Forests seem to be prime real estate for witches, with their festering, malevolent trees that you just know is hiding a small, secluded cottage tucked away in isolation. Made of candy, it’s not.
The relocating family consists of martyr-like father William (Ralph Ineson) tragic-faced mum Katherine (Kate Dickie), innocent, repressed eldest daughter Thomasin (Anya Taylor-Joy) bosom-conscious eldest son Caleb (Harvey Scrimshaw) mischievous younger twins Jonas and Mercy (Lucas Dawson, Ellie Grainger) and nursing infant Samuel.
The family provides fodder for a neighboring, murderous crone (Bathsheba Garnett) whom they never see. The effects of her presence are apparent in the disappearance of some of the children. The crone is suddenly alluring and seductive (Sarah Stephens) – but at what (literally) bloody price? Never fear. Budding beauty Thomasin, an adolescent girl, will be blamed for every unsettling occurrence.
The year is 1630, decades before the Salem witch trials, but Thomasin rapidly becomes the center of the family’s hysteria, fueled by boisterous twin siblings who are vociferous mouthpieces of accusation and unrestrained commentary.
There is even “sin” in Thomasin’s name. Fingers point in her direction as death descends like nightfall on the family. Eggs and goat milk turn bloody, crops fail; even the animals seem sinister and conspiratorial. The surrounding forest is another cruel presence, first presented as foreboding treetops amid a choir of scream-like voices, a warning that is not heeded.
Creepy and grim, the film is riveting in a voyeuristic sense. A snapshot of an austere, religion-driven existence, full of the fear of sin and denial of pleasure, there’s almost no need for an embodied witch. The horror here is what’s happening to Thomasin and her ravaged family. Suspicion, accusations, and lies nearly rival the actual witch, who has precious little screen time after a brief, disturbing scene of baby Samuel’s fate. Afterward, in a newly acquired youthful and voluptuous body, she becomes Caleb’s frenzied downfall. Scrimshaw gives a tremendous performance here, anchoring an effective cast.
Black Phillip (Wahab Chaudhry) is the family goat and your guess would probably be correct on why he’d need a human credit
Writer/director Robert Eggers' feature debut (previous shorts: Hansel and Gretel, The Telltale Heart), is an atmospheric tale of paranoia where those who pray are preyed upon without mercy, and without the help of the God that they call upon so frequently. Eggers won the Best Director Prize in the U.S. Narrative Competition at Sundance for The Witch, and utilized transcripts of the era for some of the film’s dialogue. You will encounter thee, thou, and thy by the cauldron-full. The period recreation is impressive, but painfully slow pacing derails much of the plot’s effectiveness.
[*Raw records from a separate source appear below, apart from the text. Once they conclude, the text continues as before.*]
Lemma cover_shift_ij : i \in S -> j \notin S -> inCov k n s G.
Proof.
move=> iS jS.
have ltX : 2 * k.-1 < #|`V `\` (j |` S)|.
  rewrite cardfsDS ?fsubUset ?fsub1set ?jV // cardfsU1 jS cS nV.
  have [s1|s2] : s = 1 \/ 1 < s by clear -s0; lia.
    by move: large; rewrite s1; clear -k2 n2k; lia.
  by clear -k2 s2 large; nia.
have HCov : inCov k n s (shift i j G) by split=> //; exists S.
have [eqG | Etr] := ambiguous_dichotomy neq_ij mG s0 ltX
  (fun R => cover_ambiguous R iS jS) (fun A B => cover_matching iS jS).
  by rewrite -eqG.
apply: (inCov_transp (G1 := shift i j G) (G2 := G) iV jV (erefl _) Etr HCov).
Qed.

End CoverShift.

Section CliqueShift.

Variables (k n s : nat) (G : hgraph) (i j : nat) (T : {fset nat}).
Hypotheses (iV : i \in verts G) (jV : j \in verts G) (neq_ij : i != j).
Hypotheses (TV : T `<=` verts G) (cT : #|`T| = k * s + k - 1).
Hypothesis HT : forall e, e \in edges (shift i j G) <-> e `<=` T /\ #|`e| = k.

Local Notation H := (edges (shift i j G)).

Lemma clique_shift_same : (i \in T) = (j \in T) -> shift i j G = G.
Proof.
move=> ijT; apply: shift_eq_of_transp_invariant => // e.
by rewrite !HT clique_transp fset_transp_id.
Qed.

Hypotheses (k2 : 1 < k) (s0 : 0 < s).

Lemma clique_shift_ji : i \notin T -> j \in T -> False.
Proof.
move=> iT jT.
have [R RTj cR] : exists2 R, R `<=` T `\ j & #|`R| = k.-1.
  by apply: exists_fsubset_card; move: cT; rewrite (cardfsD1 j T) jT; clear -k2 s0; nia.
move: RTj; rewrite fsubsetD1 => /andP [RT jR].
have iR : i \notin R by apply: contra iT; apply: (fsubsetP RT).
have : j |` R \in H.
  by apply/HT; rewrite fsubUset fsub1set jT RT cardfsU1 jR cR; split=> //; clear -k2; lia.
move/(shift_closed neq_ij iR jR)/HT => [/fsubsetP iRT _].
by move: iT; rewrite iRT ?fset1U1.
Qed.

Lemma clique_ambiguous R : i \in T -> j \notin T ->
  ambiguous G i j R <-> R `<=` T `\ i /\ #|`R| = k.-1.
Proof.
move=> iT jT; rewrite fsubsetD1; split.
  case/and4P => iR jR _ /HT [iRT ciR].
  rewrite (fsubset_trans (fsubsetU1 i R) iRT) iR; split=> //.
  by move: ciR; rewrite cardfsU1 iR; clear; lia.
case=> /andP [RT iR] cR; have jR : j \notin R by apply: contra jT; apply: (fsubsetP RT).
apply/and4P; split=> //.
  by apply/negP => /HT [/fsubsetP jRT _]; move: jT; rewrite jRT ?fset1U1.
by apply/HT; rewrite fsubUset fsub1set iT RT cardfsU1 iR cR; split=> //; clear -k2; lia.
Qed.

Hypotheses (nV : #|`verts G| = n) (mG : matching_number G s) (s2 : 1 < s).

Lemma clique_matching A B : i \in T -> j \notin T ->
  A `<=` T `\ i -> B `<=` T `\ i -> #|`A| = k.-1 -> #|`B| = k.-1 -> [disjoint A & B] ->
  exists2 M, is_matching (shift i j G) M /\ #|`M| = s.-1 &
    forall f, f \in M -> [disjoint f & i |` (j |` (A `|` B))].
Proof.
move=> iT jT ATi BTi cA cB dAB.
pose W := (T `\ i) `\` (A `|` B).
have cW : #|`W| = s.-1 * k.
  rewrite cardfsDS ?fsubUset ?ATi ?BTi //.
  have := cardfsUI A B; rewrite disjoint_fsetI0 // cardfs0 cA cB.
  by have := cardfsD1 i T; rewrite iT cT; clear -k2 s2; nia.
have [A0 A0W cA0] : exists2 A0, A0 `<=` W & #|`A0| = s.-1.
  by apply: exists_fsubset_card; rewrite cW; clear -k2; nia.
have [M [mM cM] MW] : exists2 M, is_matching (shift i j G) M /\ #|`M| = #|`A0| &
    forall f, f \in M -> f `<=` W.
  apply: exists_matching_inside (ltnW k2) A0W _ _; first by rewrite cA0 cW.
  move=> e eW ek _; apply/HT; split=> //.
  exact: fsubset_trans eW (fsubset_trans (fsubsetDl _ _) (fsubD1set _ _)).
exists M => [|f /MW /fsubsetP fW]; first by rewrite -cA0.
apply/fdisjointP => x /fW /fsetDP [/fsetD1P [xi xT] xAB].
rewrite !in_fset1U (negbTE xi) (negbTE xAB) orbF /=.
by apply: contraNneq jT => <-.
Qed.

Lemma clique_shift_ij : i \in T -> j \notin T -> inCl k n s G.
Proof.
move=> iT jT.
have ltX : 2 * k.-1 < #|`T `\ i|.
  by have := cardfsD1 i T; rewrite iT cT; clear -k2 s2; nia.
have HCl : inCl k n s (shift i j G) by split=> //; exists T.
have [eqG | Etr] := ambiguous_dichotomy neq_ij mG s0 ltX
  (fun R => clique_ambiguous R iT jT) (fun A B => clique_matching iT jT).
  by rewrite -eqG.
apply: (inCl_transp (G1 := shift i j G) (G2 := G) iV jV (erefl _) Etr HCl).
Qed.

End CliqueShift.

Definition star (V : {fset nat}) (k v : nat) : hgraph :=
  HGraph V [fset e in fpowerset V | (v \in e) && (#|`e| == k)].

Lemma mem_star V k v e :
  (e \in edges (star V k v)) = [&& e `<=` V, v \in e & #|`e| == k].
Proof. by rewrite !inE fpowersetE. Qed.

Lemma inH_star k n V v : 0 < k -> k <= n -> v \in V -> #|`V| = n ->
  inH k n 1 (star V k v).
Proof.
move=> k0 kn vV cV; split; first by move=> e; rewrite mem_star => /and3P [? _ /eqP].
split=> //; split.
  have [B BV cB] : exists2 B, B `<=` V `\ v & #|`B| = k.-1.
    by apply: exists_fsubset_card; move: cV kn; rewrite (cardfsD1 v V) vV; clear; lia.
  move: BV; rewrite fsubsetD1 => /andP [BV vB].
  exists [fset v |` B]; rewrite cardfs1; split=> //; split.
    rewrite fsub1set mem_star fsubUset fsub1set vV BV fset1U1 cardfsU1 vB cB /=.
    by apply/eqP; clear -k0; lia.
  by move=> e f /fset1P -> /fset1P ->; rewrite eqxx.
move=> M [MF dM]; rewrite leqNgt; apply/negP => M2.
have /fset0Pn [e eM] : M != fset0 by rewrite -cardfs_gt0; clear -M2; lia.
have /fset0Pn [f /fsetD1P [fe fM]] : M `\ e != fset0.
  by rewrite -cardfs_gt0; move: M2; rewrite (cardfsD1 e M) eM; clear; lia.
have vin g : g \in M -> v \in g by move=> /(fsubsetP MF); rewrite mem_star => /and3P [].
by have := in_fset0 v; rewrite -(dM f e fM eM fe) inE !vin.
Qed.

Lemma card_complements (U : {fset nat}) (F : {fset {fset nat}}) :
  (forall e, e \in F -> e `<=` U) -> #|` [fset U `\` e | e in F]| = #|` F|.
Proof.
move=> FU; apply/eqP/card_in_imfsetP => e1 e2 /FU e1U /FU e2U /= e12.
by rewrite -(fsetDK e1U) e12 fsetDK.
Qed.

(* Complementation in T + v maps the clique edges into the star at v, missing
   the star edges through a vertex outside T + v. *)
Lemma clique_lt_star k n F : 1 < k -> 2 * k < n -> inCl k n 1 F ->
  exists2 F', inH k n 1 F' & #|` edges F| < #|` edges F'|.
Proof.
move=> k2 ltn [nV [T [TV [cT HT]]]].
have [v /fsetDP [vV vT]] : exists v, v \in verts F `\` T.
  by apply/fset0Pn; rewrite -cardfs_gt0 cardfsDS // nV cT; clear -ltn; lia.
pose U := v |` T.
have UV : U `<=` verts F by rewrite fsubUset fsub1set vV TV.
have cU : #|`U| = 2 * k by rewrite cardfsU1 vT cT; clear -k2; lia.
have [y /fsetDP [yV yU]] : exists y, y \in verts F `\` U.
  by apply/fset0Pn; rewrite -cardfs_gt0 cardfsDS // nV cU; clear -ltn; lia.
have [B0 B0T cB0] : exists2 B0, B0 `<=` T & #|`B0| = k - 2.
  by apply: exists_fsubset_card; rewrite cT; clear; lia.
exists (star (verts F) k v); first by apply: inH_star => //; clear -k2 ltn; lia.
pose es := v |` (y |` B0).
have es_star : es \in edges (star (verts F) k v).
  have vyB0 : v \notin y |` B0.
    rewrite in_fset1U negb_or (contra (fsubsetP B0T v) vT) andbT.
    by apply: contraNneq yU => <-; exact: fset1U1.
  have yB0 : y \notin B0.
    by apply: contra yU => /(fsubsetP B0T) yT; rewrite in_fset1U yT orbT.
  rewrite mem_star fset1U1 !fsubUset !fsub1set vV yV (fsubset_trans B0T TV).
  by rewrite cardfsU1 vyB0 cardfsU1 yB0 cB0 /=; apply/eqP; clear -k2; lia.
have FU e : e \in edges F -> e `<=` U.
  by move=> /HT [eT _]; exact: fsubset_trans eT (fsubsetU1 v T).
pose comps := [fset U `\` e | e in edges F].
have sub : es |` comps `<=` edges (star (verts F) k v).
  rewrite fsubUset fsub1set es_star; apply/fsubsetP => _ /imfsetP [e eF ->] /=.
  have [eT ek] := (HT e).1 eF; rewrite mem_star in_fsetD fset1U1 andbT.
  rewrite (fsubset_trans (fsubsetDl _ _) UV) (contra (fsubsetP eT v)) //.
  by rewrite cardfsDS ?cU ?ek ?FU //; apply/eqP; clear; lia.
have es_comps : es \notin comps.
  apply/negP => /imfsetP [e _ ese]; have : y \in es by rewrite !in_fset1U eqxx orbT.
  by rewrite ese in_fsetD (negbTE yU) andbF.
by have := fsubset_leq_card sub; rewrite cardfsU1 es_comps card_complements.
Qed.

Lemma shift_eq_of_matchless G i j : matching_number G 0 -> shift i j G = G.
Proof.
move=> [_ max0]; apply: shift_stable => R _ _ jRE.
have : is_matching G [fset j |` R].
  by split=> [|e f /fset1P -> /fset1P ->]; rewrite ?fsub1set ?eqxx.
by move/max0; rewrite cardfs1.
Qed.

Lemma extremal_complete k n s G : inM k n s G -> n < k * s.+1 ->
  forall e, e `<=` verts G -> #|`e| = k -> e \in edges G.
Proof.
move=> [[kG [nV [[M0 [mM0 cM0]] maxM]]] maxG] small e eV ek; apply: contraT => eE.
have : inH k n s (HGraph (verts G) (e |` edges G)).
  split; first by move=> f /fset1UP [->|/kG].
  split=> //; split.
    exists M0; split=> //; case: mM0 => M0G dM0; split=> //.
    exact: fsubset_trans M0G (fsubsetU1 _ _).
  move=> M [MG dM]; have kM f : f \in M -> f `<=` verts G /\ #|`f| = k.
    by move=> /(fsubsetP MG) /fset1UP [->|/kG].
  have := card_disjoint_family kM dM; rewrite nV => Mk.
  by move: small; rewrite mulnC; clear -Mk; nia.
by move/maxG; rewrite /= cardfsU1 eE ltnn.
Qed.

Lemma shift_eq_of_complete k G i j : is_kgraph k G -> i \in verts G ->
  (forall e, e `<=` verts G -> #|`e| = k -> e \in edges G) -> shift i j G = G.
Proof.
move=> kG iV full; apply: shift_stable => R iR jR /kG [jRV jRk]; apply: full.
  by rewrite fsubUset fsub1set iV (fsubset_trans (fsubsetU1 j R) jRV).
by rewrite cardfsU1 iR -jRk cardfsU1 jR.
Qed.

Lemma inCov_of_shift k n s G i j : 1 < k -> n <> 2 * k -> inM k n s G ->
  i \in verts G -> j \in verts G -> i != j -> 0 < s -> k * s.+1 <= n ->
  inCov k n s (shift i j G) -> inCov k n s G.
Proof.
move=> k2 n2k [[_ [nV mG]] _] iV jV ij s0 large HCov.
have [_ [S [SV [cS HS]]]] := HCov.
have same : (i \in S) = (j \in S) -> inCov k n s G.
  by move=> ijS; rewrite -(cover_shift_same iV jV ij HS ijS).
have [iS|iS] := boolP (i \in S); have [jS|jS] := boolP (j \in S).
- by apply: same; rewrite iS jS.
- exact: (cover_shift_ij iV jV ij SV cS HS k2 nV large n2k mG s0 iS jS).
- by case: (cover_shift_ji iV jV ij SV cS HS k2 nV large iS jS).
- by apply: same; rewrite (negbTE iS) (negbTE jS).
Qed.

Lemma inCl_of_shift k n s G i j : 1 < k -> n <> 2 * k -> inM k n s G ->
  i \in verts G -> j \in verts G -> i != j -> 0 < s -> k * s.+1 <= n ->
  inCl k n s (shift i j G) -> inCl k n s G.
Proof.
move=> k2 n2k [[_ [nV mG]] maxG] iV jV ij s0 large HCl.
have [s1|s2] : s = 1 \/ 1 < s by clear -s0; lia.
  subst s; have ltn : 2 * k < n by clear -n2k large; lia.
  have [F' HF' ltF'] := clique_lt_star k2 ltn HCl.
  by have := maxG F' HF'; rewrite -(card_shift G i j); clear -ltF'; lia.
have [_ [T [TV [cT HT]]]] := HCl.
have same : (i \in T) = (j \in T) -> inCl k n s G.
  by move=> ijT; rewrite -(clique_shift_same ij HT ijT).
have [iT|iT] := boolP (i \in T); have [jT|jT] := boolP (j \in T).
- by apply: same; rewrite iT jT.
- exact: (clique_shift_ij iV jV ij TV cT HT k2 s0 nV mG s2 iT jT).
- by case: (clique_shift_ji ij cT HT k2 s0 iT jT).
- by apply: same; rewrite (negbTE iT) (negbTE jT).
Qed.

Unset Implicit Arguments.

Theorem lemma5 (k n s : nat) (G : hgraph) (i j : nat) :
  2 <= k -> n <> 2 * k -> inM k n s G ->
  i \in verts G -> j \in verts G -> i < j ->
  (inCov k n s (shift i j G) -> inCov k n s G) /\
  (inCl k n s (shift i j G) -> inCl k n s G).
Proof.
move=> k2 n2k GM iV jV ltij; have ij : i != j by rewrite neq_ltn ltij.
have [[kG [_ mG]] _] := GM.
have [s0|s0] := posnP s.
  by rewrite shift_eq_of_matchless -?s0.
have [small|large] := ltnP n (k * s.+1).
  by rewrite (shift_eq_of_complete j kG iV (extremal_complete GM small)).
by split; [exact: inCov_of_shift | exact: inCl_of_shift].
Qed.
The snail’s pace (some would call it slow-building horror; I wouldn’t) ramps up during the last few minutes, resulting in a disjointed, out-of-place, where-did-this-come-from conclusion that’s almost anti-climactic.
The Witch is a misnomer for a film that’s really a study in the seduction of innocence and the hysteria of unchecked religious fervor. Packaged and presently as horror, had it stayed within the confines of a fanatically religious family, its dissection of the human condition under onerous constraints would be all the more potent.
As a horror film, it disappoints. As a psychological study of paranoia within an absurdly religious climate, it makes a point sharper than any witch’s headgear.